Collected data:
Lemma stone_normr f : B f -> B (fun x => `|f x|).
Proof.
by move=> Bf; have := stone_max hB Bf (stoneN Bf); under eq_fun do rewrite maxrN.
Qed.

Lemma stone_min_cst f (e : R) : 0 < e -> B f -> B (fun x => Num.min (f x) e).
Proof.
move=> e0 /(stoneZ hB e^-1) /(stone_min1 hB) /(stoneZ hB e).
by congr B; apply: funext => x; rewrite minr_pMr ?ltW // mulr1 mulVKf ?gt_eqF.
Qed.

Lemma stone_clamp f (e : R) : 0 < e -> B f -> B (fun x => clamp e (f x)).
Proof.
move=> e0 /(stone_min_cst e0) /stoneN /(stone_min_cst e0) /stoneN.
by under eq_fun do rewrite oppr_min opprK.
Qed.

Lemma stone_cutoff f (e : R) : B f -> B (fun x => Num.min (`|f x| / e) 1).
Proof.
move=> /stone_normr /(stoneZ hB e^-1) /(stone_min1 hB).
by under eq_fun do rewrite mulrC.
Qed.

Definition complexify (f : X -> R) : X -> Cplx R := fun x => cpx (f x).

Lemma AB_complexify f : B f -> AB B (complexify f).
Proof.
move=> Bf e e0; exists f, (fun _ => 0); split => //; first exact: stone0.
by move=> x; rewrite /complexify cpx0 mulr0 addr0 subrr normr0 -cpx0 cpx_le ltW.
Qed.

Lemma AB_bounded a : AB B a -> exists2 M, 0 <= M & forall x, `|a x| <= cpx M.
Proof.
have bound_ge0 f : B f -> exists2 M, 0 <= M & forall x, `|f x| <= M.
  move=> /(stone_bounded hB) [M fM]; exists `|M| => // x.
  exact: le_trans (fM x) (ler_norm _).
move=> /(_ 1 ltr01) [f [g [Bf Bg afg]]].
have [Mf Mf0 fMf] := bound_ge0 _ Bf; have [Mg Mg0 gMg] := bound_ge0 _ Bg.
exists (Mf + Mg + 1) => [|x]; first lra.
rewrite -[a x](subrK (cpx (f x) + 'i * cpx (g x))) !cpxD cpx1 addrC.
apply: le_trans (ler_normD _ _) (lerD _ (afg x)).
apply: le_trans (ler_normD _ _) _; rewrite normrM normCi mul1r !normr_cpx.
by apply: lerD; rewrite cpx_le.
Qed.

Lemma AB_mul a b : AB B a -> AB B b -> AB B (fun x => a x * b x).
Proof.
move=> Aa Ab; have [Ma Ma0 aMa] := AB_bounded Aa; have [Mb Mb0 bMb] := AB_bounded Ab.
move=> e e0; pose d := Num.min 1 (e / (Ma + Mb + 1)).
have d0 : 0 < d by rewrite lt_min ltr01 divr_gt0 //; lra.
have d1 : d <= 1 by rewrite ge_min lexx.
have de : d * (Ma + Mb + 1) <= e.
  by rewrite -ler_pdivlMr ?ge_min ?lexx ?orbT //; lra.
have [f1 [g1 [Bf1 Bg1 ap]]] := Aa d d0; have [f2 [g2 [Bf2 Bg2 bq]]] := Ab d d0.
exists (fun x => f1 x * f2 x - g1 x * g2 x), (fun x => f1 x * g2 x + g1 x * f2 x).
split=> [||x].
- by apply: stoneB; exact: (stoneM hB).
- by apply: (stoneD hB); exact: (stoneM hB).
move: (ap x) (bq x); set p := cpx (f1 x) + _; set q := cpx (f2 x) + _ => apx bqx.
have -> : cpx (f1 x * f2 x - g1 x * g2 x) + 'i * cpx (f1 x * g2 x + g1 x * f2 x)
    = p * q.
  have -> : p * q = cpx (f1 x) * cpx (f2 x) + 'i ^+ 2 * (cpx (g1 x) * cpx (g2 x))
      + 'i * (cpx (f1 x) * cpx (g2 x) + cpx (g1 x) * cpx (f2 x)) by rewrite /p /q; ring.
  by rewrite sqrCi cpxB cpxD !cpxM; ring.
have q_le : `|q| <= cpx (Mb + d).
  by rewrite -(subKr (b x) q) cpxD (le_trans (ler_normB _ _)) ?lerD.
have -> : a x * b x - p * q = a x * (b x - q) + (a x - p) * q by ring.
apply: le_trans (ler_normD _ _) _; rewrite !normrM.
apply: (@le_trans _ _ (cpx (Ma * d + d * (Mb + d)))); last by rewrite cpx_le; nra.
by rewrite cpxD !cpxM; apply: lerD; apply: ler_pM.
Qed.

Exercise goal:
Starting from the line with "by rewrite -(subKr" and ending with the final line of the data, quote every line exactly, both ends included.

Answer box:
  by rewrite -(subKr (b x) q) cpxD (le_trans (ler_normB _ _)) ?lerD.
have -> : a x * b x - p * q = a x * (b x - q) + (a x - p) * q by ring.
apply: le_trans (ler_normD _ _) _; rewrite !normrM.
apply: (@le_trans _ _ (cpx (Ma * d + d * (Mb + d)))); last by rewrite cpx_le; nra.
by rewrite cpxD !cpxM; apply: lerD; apply: ler_pM.
Qed.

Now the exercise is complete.